Community-Based Rsrch&Prac

This course will introduce students to theoretical frameworks, controversies, methods, and other topics of community-based research and practice in the anthropological tradition. Students will understand the history of applied anthropology, critiques of anthropology coming from the global south, and critical epistemological approaches of contemporary engaged researchers and practitioners.

Pro-Seminar in Anthropology

This course introduces incoming graduate students in anthropology to the philosophies, research issues, and day-to-day practices of the department of anthropology at UMass Amherst. Basic skills in writing research proposals, cv's, and formulating career goals are emphasized. Enrollment is restricted to incoming students in the Department of Anthropology.

S- Oligarchy

This course is open to students who are engaged or wish to be engaged in organizing for more democratic societies and institutions. The class is offered in conjunction with the Feinberg Family Distinguished Lecture series, which will host talks on the theme of "oligarchy" throughout the academic year. Students will attend (synchronously or asynchronously) 4-5 events in the series. We will meet together to talk about diverse historical and contemporary iterations of and struggles against oligarchy, with an emphasis on how these events might inform our own collective struggles.

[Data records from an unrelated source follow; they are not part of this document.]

(* Let $H\in\mathbb R^{n\times n}$, $f\in\mathbb R^n$, $A\in\mathbb R^{m\times n}$, $b\in\mathbb R^m$, with $\mathcal X=\{x: Ax\le b\}$ nonempty and $H+H^\top$ positive definite. Let $x^*$ be the unique solution of the AVI: find $x\in\mathcal X$ with $(Hx+f)^\top(y-x)\ge0$ for all $y\in\mathcal X$, let $\mathcal A=\{i: A_ix^*=b_i\}$, assume the rows of $A_{\mathcal A}$ are linearly independent, let $\lambda^*$ be the unique vector with $Hx^*+f+A^\top\lambda^*=0$, $0\le\lambda^*\perp b-Ax^*\ge0$, and assume $\lambda^*_i>0$ for all $i\in\mathcal A$. Fix $\rho>0$. Then there is a neighborhood $U$ of $x^*$ such that for all $z\in U$, $\mathcal A_{\mathrm{QP}}(z)=\mathcal A$.
   Context: $A_i$, $b_i$ are the $i$-th row of $A$ and entry of $b$; $A_{\mathcal S}$ is the submatrix of rows indexed by $\mathcal S$. $H_s=\tfrac12(H+H^\top)$, $\tilde H=\rho I+H_s$, $\tilde f(z)=f+(H-\tilde H)z$. For $z\in\mathbb R^n$, $\mathcal S_x(z)$ is the unique minimizer of the quadratic program $\min_x\tfrac12x^\top\tilde Hx+\tilde f(z)^\top x$ subject to $Ax\le b$, and $\mathcal A_{\mathrm{QP}}(z)=\{i\in\{1,\dots,m\}: A_i\mathcal S_x(z)=b_i\}$ is its active set. *)

From HB Require Import structures.
From mathcomp Require Import all_boot all_order all_algebra.
From mathcomp Require Import all_classical all_reals all_analysis.
Set Implicit Arguments. Unset Strict Implicit. Unset Printing Implicit Defensive.
Import Order.TTheory GRing.Theory Num.Theory.
Local Open Scope ring_scope.

Section QPDefs.
Variables (R : realType) (n m : nat).
Implicit Types (H : 'M[R]_n) (A : 'M[R]_(m, n)) (b : 'cV[R]_m) (x y z f : 'cV[R]_n).

Definition qform (x : 'cV[R]_n) (M : 'M[R]_n) (y : 'cV[R]_n) : R := (x^T *m M *m y) 0 0.
Definition dotv (x y : 'cV[R]_n) : R := (x^T *m y) 0 0.

Definition posdef (M : 'M[R]_n) : Prop := forall x : 'cV[R]_n, x != 0 -> 0 < qform x M x.

Definition feasible A b x : Prop := forall i : 'I_m, (A *m x) i 0 <= b i 0.

Definition AVI_sol H f A b x : Prop :=
  feasible A b x /\ forall y, feasible A b y -> 0 <= dotv (H *m x + f) (y - x).

Definition active A b x : {set 'I_m} := [set i | (A *m x) i 0 == b i 0].

Definition Hsym H : 'M[R]_n := 2^-1 *: (H + H^T).
Definition Htil (rho : R) H : 'M[R]_n := rho%:M + Hsym H.
Definition ftil (rho : R) H f z : 'cV[R]_n := f + (H - Htil rho H) *m z.

Definition QPobj (rho : R) H f z x : R :=
  2^-1 * qform x (Htil rho H) x + dotv (ftil rho H f z) x.

Definition QPmin (rho : R) H f A b z x : Prop :=
  feasible A b x /\ forall y, feasible A b y -> QPobj rho H f z x <= QPobj rho H f z y.

Definition Sx (rho : R) H f A b z : 'cV[R]_n := xget 0 [set x | QPmin rho H f A b z x].

Definition AQP (rho : R) H f A b z : {set 'I_m} := active A b (Sx rho H f A b z).

End QPDefs.

(* Impose the constraints active at xs as equalities. Since Htil is positive
   definite and A_S has full row rank, the resulting KKT system of the QP at z
   has an affine solution (x(z), mu(z)) passing through (xs, lam). Strict
   complementarity at xs (lam_S > 0, A_i xs < b_i off S) persists for z near
   xs by continuity, so (x(z), mu(z)) is a KKT pair of the full QP; by strict
   convexity x(z) = S_x(z), whose active set is therefore S. *)

From HB Require Import structures.
From mathcomp Require Import all_boot all_order all_algebra.
From mathcomp Require Import all_classical all_reals all_analysis.
From mathcomp Require Import lra.
Import Order.TTheory GRing.Theory Num.Theory numFieldNormedType.Exports.
Set Implicit Arguments.
Unset Strict Implicit.

Local Open Scope classical_set_scope.
Local Open Scope ring_scope.

Lemma mulmx_coord_continuous (R : numFieldType) (p q : nat) (N : 'M[R]_(p, q)) i :
  continuous (fun z : 'cV[R]_q => (N *m z) i 0).
Proof.
rewrite (_ : (fun z => _) = \sum_j (fun z : 'cV[R]_q => N i j * z j 0)); last first.
  by apply/funext => z; rewrite fct_sumE mxE.
move=> z; apply: (big_ind (fun g : 'cV[R]_q -> R => {for z, continuous g})).
- exact: cst_continuous.
- by move=> g h gz hz; apply: continuousD.
- by move=> j _; apply: continuousM; [exact: cst_continuous | exact: coord_continuous].
Qed.

Lemma near_affine_coord_gt0 (R : realFieldType) (p q : nat) (N : 'M[R]_(p, q))
    (x0 : 'cV[R]_q) (c : R) i :
  0 < c -> \forall z \near x0, 0 < c + (N *m (z - x0)) i 0.
Proof.
move=> c_gt0.
have h_cont : {for x0, continuous (fun z : 'cV[R]_q => c + (N *m (z - x0)) i 0)}.
  rewrite (_ : (fun z => _) = (fun z : 'cV[R]_q => (N *m z) i 0) + cst (c - (N *m x0) i 0)).
    by apply: continuousD; [exact: mulmx_coord_continuous | exact: cst_continuous].
  by apply/funext => z; rewrite fctE /= mulmxBr !mxE; lra.
by apply: (cvgr_gt _ h_cont); rewrite subrr mulmx0 mxE addr0.
Qed.

Section ConvexQP.
Variables (R : realType) (n : nat).
Implicit Types (K : 'M[R]_n) (x y d g : 'cV[R]_n).

Lemma qform_trmx x (M : 'M[R]_n) y : qform x M^T y = qform y M x.
Proof.
rewrite /qform.
have -> : y^T *m M *m x = (x^T *m M^T *m y)^T by rewrite !trmx_mul !trmxK mulmxA.
by rewrite [RHS]mxE.
Qed.

Lemma posdef_unitmx K : posdef K -> K \in unitmx.
Proof.
move=> K_pd; rewrite -row_free_unit -kermx_eq0; apply/rowV0P => v /sub_kermxP vK.
apply/eqP; apply: contraT; rewrite -trmx_eq0 => /K_pd.
by rewrite /qform trmxK vK mul0mx mxE ltxx.
Qed.

Lemma posdef_invmx K : posdef K -> posdef (invmx K).
Proof.
move=> K_pd u u_neq0; set y := invmx K *m u.
have uE : u = K *m y by rewrite mulKVmx ?posdef_unitmx.
have y_neq0 : y != 0 by apply: contraNneq u_neq0 => y0; rewrite uE y0 mulmx0.
have := K_pd y y_neq0; rewrite -qform_trmx /qform.
by rewrite -trmx_mul -uE -[u^T *m _ *m u]mulmxA.
Qed.

Lemma quad_objD K g x d : K^T = K ->
  2^-1 * qform (x + d) K (x + d) + dotv g (x + d) =
  2^-1 * qform x K x + dotv g x + dotv (K *m x + g) d + 2^-1 * qform d K d.
Proof.
move=> K_sym; have Kdx : qform d K x = qform x K d by rewrite -qform_trmx K_sym.
have Kxd : dotv (K *m x) d = qform x K d by rewrite /dotv /qform trmx_mul K_sym.
move: Kdx Kxd; rewrite /qform /dotv [(x + d)^T]linearD [(K *m x + g)^T]linearD /=.
rewrite !mulmxDl !mulmxDr !mxE => Kdx Kxd; lra.
Qed.

Lemma posdef_gram_unitmx (k : nat) (K : 'M[R]_n) (B : 'M[R]_(k, n)) :
  posdef K -> row_free B -> B *m invmx K *m B^T \in unitmx.
Proof.
move=> K_pd B_free; rewrite -row_free_unit -kermx_eq0; apply/rowV0P => v /sub_kermxP.
rewrite !mulmxA => vG.
have vB0 : (v *m B)^T == 0.
  apply: contraT => /(posdef_invmx K_pd).
  by rewrite /qform trmxK trmx_mul !mulmxA vG mul0mx mxE ltxx.
by apply/eqP; rewrite -(mulmx_free_eq0 _ B_free) -trmx_eq0.
Qed.

Lemma kkt_system_solvable (k p : nat) (K : 'M[R]_n)
    (B : 'M[R]_(k, n)) (W : 'M[R]_(n, p)) :
  posdef K -> row_free B -> exists M1 M2, B *m M1 = 0 /\ K *m M1 + B^T *m M2 = W.
Proof.
move=> K_pd B_free; have K_unit := posdef_unitmx K_pd.
have G_unit := posdef_gram_unitmx K_pd B_free.
set G := B *m invmx K *m B^T in G_unit.
set M2 := invmx G *m (B *m invmx K *m W).
exists (invmx K *m (W - B^T *m M2)), M2; split; last by rewrite mulKVmx // subrK.
by rewrite mulmxA mulmxBr mulmxA -/G mulKVmx // subrr.
Qed.

Lemma trmx_Htil (rho : R) (H : 'M[R]_n) :
  (Htil rho H)^T = Htil rho H.
Proof.
by apply/matrixP => i j; rewrite /Htil /Hsym !mxE eq_sym [H j i + _]addrC.
Qed.

Lemma posdef_Htil (rho : R) (H : 'M[R]_n) :
  0 < rho -> posdef (H + H^T) -> posdef (Htil rho H).
Proof.
move=> rho_gt0 H_pd x x_neq0.
have -> : qform x (Htil rho H) x = rho * dotv x x + 2^-1 * qform x (H + H^T) x.
  rewrite /qform /dotv /Htil /Hsym mulmxDr mulmxDl mul_mx_scalar.
  by rewrite -scalemxAl -scalemxAr -scalemxAl !mxE.
have xx_ge0 : 0 <= dotv x x.
  by rewrite /dotv mxE; apply: sumr_ge0 => i _; rewrite mxE -expr2 sqr_ge0.
by apply: ltr_wpDl; [exact/mulr_ge0/xx_ge0/ltW | exact/mulr_gt0/H_pd].
Qed.

Lemma kkt_strict_min (m : nat) (K : 'M[R]_n) (g : 'cV[R]_n)
    (A : 'M[R]_(m, n)) (b : 'cV[R]_m) (x : 'cV[R]_n) (mu : 'cV[R]_m) :
  K^T = K -> posdef K -> (forall i, 0 <= mu i 0) ->
  (forall i, mu i 0 * (b i 0 - (A *m x) i 0) = 0) ->
  K *m x + g + A^T *m mu = 0 ->
  forall y, feasible A b y -> y != x ->
  2^-1 * qform x K x + dotv g x < 2^-1 * qform y K y + dotv g y.
Proof.
move=> K_sym K_pd mu_ge0 compl kkt y y_feas y_neq_x.
have d_neq0 : y - x != 0 by rewrite subr_eq0.
have -> : y = x + (y - x) by rewrite addrC subrK.
rewrite quad_objD //.
have grad : dotv (K *m x + g) (y - x) = - \sum_i mu i 0 * (A *m (y - x)) i 0.
  move/eqP: kkt; rewrite addr_eq0 => /eqP ->.
  rewrite /dotv linearN /= trmx_mul trmxK mulNmx -mulmxA mxE mxE.
  by congr (- _); apply: eq_bigr => i _; rewrite mxE.
have descent : \sum_i mu i 0 * (A *m (y - x)) i 0 <= 0.
  apply: sumr_le0 => i _.
  have -> : (A *m (y - x)) i 0 = (A *m y) i 0 - (A *m x) i 0 by rewrite mulmxBr !mxE.
  by have := mu_ge0 i; have := y_feas i; have := compl i; nra.
by have := K_pd _ d_neq0; rewrite grad; lra.
Qed.

End ConvexQP.

Lemma Sx_kkt (R : realType) (n m : nat) (rho : R) (H : 'M[R]_n) (f : 'cV[R]_n)
    (A : 'M[R]_(m, n)) (b : 'cV[R]_m) (z x : 'cV[R]_n) (mu : 'cV[R]_m) :
  0 < rho -> posdef (H + H^T) -> feasible A b x -> (forall i, 0 <= mu i 0) ->
  (forall i, mu i 0 * (b i 0 - (A *m x) i 0) = 0) ->
  Htil rho H *m x + ftil rho H f z + A^T *m mu = 0 ->
  Sx rho H f A b z = x.
Proof.
move=> rho_gt0 H_pd x_feas mu_ge0 compl kkt.
have strict := kkt_strict_min (trmx_Htil rho H) (posdef_Htil rho_gt0 H_pd) mu_ge0 compl kkt.
rewrite /Sx; apply: xget_unique.
  split=> // y y_feas; have [->|y_neq_x] := eqVneq y x; first exact: lexx.
  exact/ltW/strict.
move=> y [y_feas y_min]; apply/eqP; apply: contraT => y_neq_x.
by have := strict y y_feas y_neq_x; rewrite ltNge y_min.
Qed.

Section ActiveSetStability.
Variables (R : realType) (n m : nat) (H : 'M[R]_n) (f : 'cV[R]_n)
  (A : 'M[R]_(m, n)) (b : 'cV[R]_m) (xs : 'cV[R]_n) (lam : 'cV[R]_m) (rho : R).

Local Notation S := (active A b xs).
Local Notation K := (Htil rho H).
Let e := @enum_val _ (mem S).
Let B := rowsub e A.
Let P := (rowsub e (1%:M : 'M[R]_m))^T.

Variables (M1 : 'M[R]_n) (M2 : 'M[R]_(#|S|, n)).
Hypotheses (BM1 : B *m M1 = 0) (KM1 : K *m M1 + B^T *m M2 = K - H).
Hypothesis kkt : H *m xs + f + A^T *m lam = 0.
Hypotheses (slack_ge0 : forall i, 0 <= b i 0 - (A *m xs) i 0)
  (compl : forall i, lam i 0 * (b i 0 - (A *m xs) i 0) = 0)
  (lam_gt0 : forall i, i \in S -> 0 < lam i 0).
Hypotheses (rho_gt0 : 0 < rho) (H_pd : posdef (H + H^T)).

(* KKT pair of the QP at z with the constraints in S kept active; K - H in KM1
   is the rate of change of - ftil rho H f z in z. *)
Definition xloc z := xs + M1 *m (z - xs).
Definition muloc z := lam + P *m M2 *m (z - xs).

Lemma trA_mulP : A^T *m P = B^T.
Proof. by rewrite /B rowsubE trmx_mul. Qed.

Lemma mulP_inactive p (w : 'M[R]_(#|S|, p)) i j : i \notin S -> (P *m w) i j = 0.
Proof.
move=> iNS; rewrite mxE big1 // => k _; rewrite !mxE.
by rewrite (_ : e k == i = false) ?mul0r //; apply: contraNF iNS => /eqP <-; exact: enum_valP.
Qed.

Lemma muloc_inactive z i : i \notin S -> muloc z i 0 = 0.
Proof.
move=> iNS; rewrite /muloc -mulmxA mxE mulP_inactive // addr0.
have := compl i; move/eqP; rewrite mulf_eq0 subr_eq0 => /orP[/eqP //|].
by move: iNS; rewrite inE eq_sym => /negbTE ->.
Qed.

Lemma A_xloc_active z i : i \in S -> (A *m xloc z) i 0 = b i 0.
Proof.
move=> iS; have A_xs : (A *m xs) i 0 = b i 0 by apply/eqP; rewrite inE in iS.
have AM1 : (A *m M1 *m (z - xs)) i 0 = 0.
  have : rowsub e (A *m M1 *m (z - xs)) = 0 by rewrite -!mul_rowsub_mx -/B BM1 mul0mx.
  move/matrixP/(_ (enum_rank_in iS i) 0); rewrite mxE /e (enum_rankK_in iS iS) => ->.
  by rewrite mxE.
by rewrite /xloc mulmxDr mulmxA mxE A_xs AM1 addr0.
Qed.

Lemma kkt_xloc z : K *m xloc z + ftil rho H f z + A^T *m muloc z = 0.
Proof.
rewrite /xloc /muloc /ftil.
have -> : (H - K) *m z = (H - K) *m xs + (H - K) *m (z - xs) by rewrite -mulmxDr subrKC.
move: (z - xs) => v.
have KM1v : K *m M1 *m v + B^T *m M2 *m v = K *m v - H *m v by rewrite -mulmxDl KM1 mulmxBl.
rewrite !mulmxDr !mulmxBl !mulmxA trA_mulP.
apply/matrixP => i j; move/matrixP/(_ i j): kkt; move/matrixP/(_ i j): KM1v.
rewrite !mxE; lra.
Qed.

Lemma near_strict_compl : \forall z \near xs, forall i,
  (i \in S -> 0 < muloc z i 0) /\ (i \notin S -> (A *m xloc z) i 0 < b i 0).
Proof.
apply: (@filter_forall _ _ (fun i z => _) (nbhs xs) _) => i.
have [iS|iNS] := boolP (i \in S).
  apply: filterS (near_affine_coord_gt0 (P *m M2) xs i (lam_gt0 iS)) => z pos.
  by split=> // _; rewrite /muloc mxE.
have slack_gt0 : 0 < b i 0 - (A *m xs) i 0.
  by rewrite lt_neqAle slack_ge0 andbT eq_sym subr_eq0; move: iNS; rewrite inE eq_sym.
apply: filterS (near_affine_coord_gt0 (- (A *m M1)) xs i slack_gt0) => z.
rewrite mulNmx [X in _ + X]mxE => pos; split=> // _.
rewrite /xloc mulmxDr mulmxA mxE; lra.
Qed.

Lemma near_Sx_xloc : \forall z \near xs, Sx rho H f A b z = xloc z.
Proof.
apply: filterS near_strict_compl => z strict.
have mu_compl i : muloc z i 0 * (b i 0 - (A *m xloc z) i 0) = 0.
  have [iS|iNS] := boolP (i \in S); first by rewrite A_xloc_active // subrr mulr0.
  by rewrite muloc_inactive // mul0r.
apply: (Sx_kkt rho_gt0 H_pd _ _ mu_compl (kkt_xloc z)) => i;
  have [iS|iNS] := boolP (i \in S); have [mu_pos slack_pos] := strict i.
- by rewrite A_xloc_active.
- exact/ltW/slack_pos.
- exact/ltW/mu_pos.
- by rewrite muloc_inactive.
Qed.

Lemma near_AQP_active : \forall z \near xs, AQP rho H f A b z = S.
Proof.
apply: filterS2 near_Sx_xloc near_strict_compl => z Sx_eq strict.
rewrite /AQP Sx_eq; apply/setP => i; rewrite [in LHS]inE.
have [iS|iNS] := boolP (i \in S); first by rewrite A_xloc_active // eqxx.
by have [_ /(_ iNS)/lt_eqF->] := strict i.
Qed.

End ActiveSetStability.

Theorem lemma2 (R : realType) (n m : nat)
  (H : 'M[R]_n) (f : 'cV[R]_n) (A : 'M[R]_(m, n)) (b : 'cV[R]_m)
  (xs : 'cV[R]_n) (lam : 'cV[R]_m) (rho : R) :
  (exists x, feasible A b x) ->
  posdef (H + H^T) ->
  AVI_sol H f A b xs ->
  row_free (rowsub (@enum_val _ (mem (active A b xs))) A) ->
  H *m xs + f + A^T *m lam = 0 ->
  (forall i, 0 <= lam i 0) ->
  (forall i, 0 <= b i 0 - (A *m xs) i 0) ->
  (forall i, lam i 0 * (b i 0 - (A *m xs) i 0) = 0) ->
  (forall i, i \in active A b xs -> 0 < lam i 0) ->
  0 < rho ->
  \forall z \near xs, AQP rho H f A b z = active A b xs.
Proof.
(* The KKT data determine xs. *)
move=> _ H_pd _ B_free kkt _ slack_ge0 compl lam_gt0 rho_gt0.
have [M1 [M2 [BM1 KM1]]] :=
  kkt_system_solvable (Htil rho H - H) (posdef_Htil rho_gt0 H_pd) B_free.
exact: near_AQP_active BM1 KM1 kkt slack_ge0 compl lam_gt0 rho_gt0 H_pd.
Qed.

Critical Knowledge Practices

This course is designed for people who are actively attempting to teach, conduct research, or do social change work in a way that engages and cultivates the knowledge of marginalized communities. Organized efforts of marginalized people to produce collective knowledge and to make their knowledge matter have bubbled up in and been transported to many places and spaces across the globe, from rural Chiapas to rural Denmark, Appalachia to the Bronx, Brazil to Tanzania, the World Bank to the World Social Forum.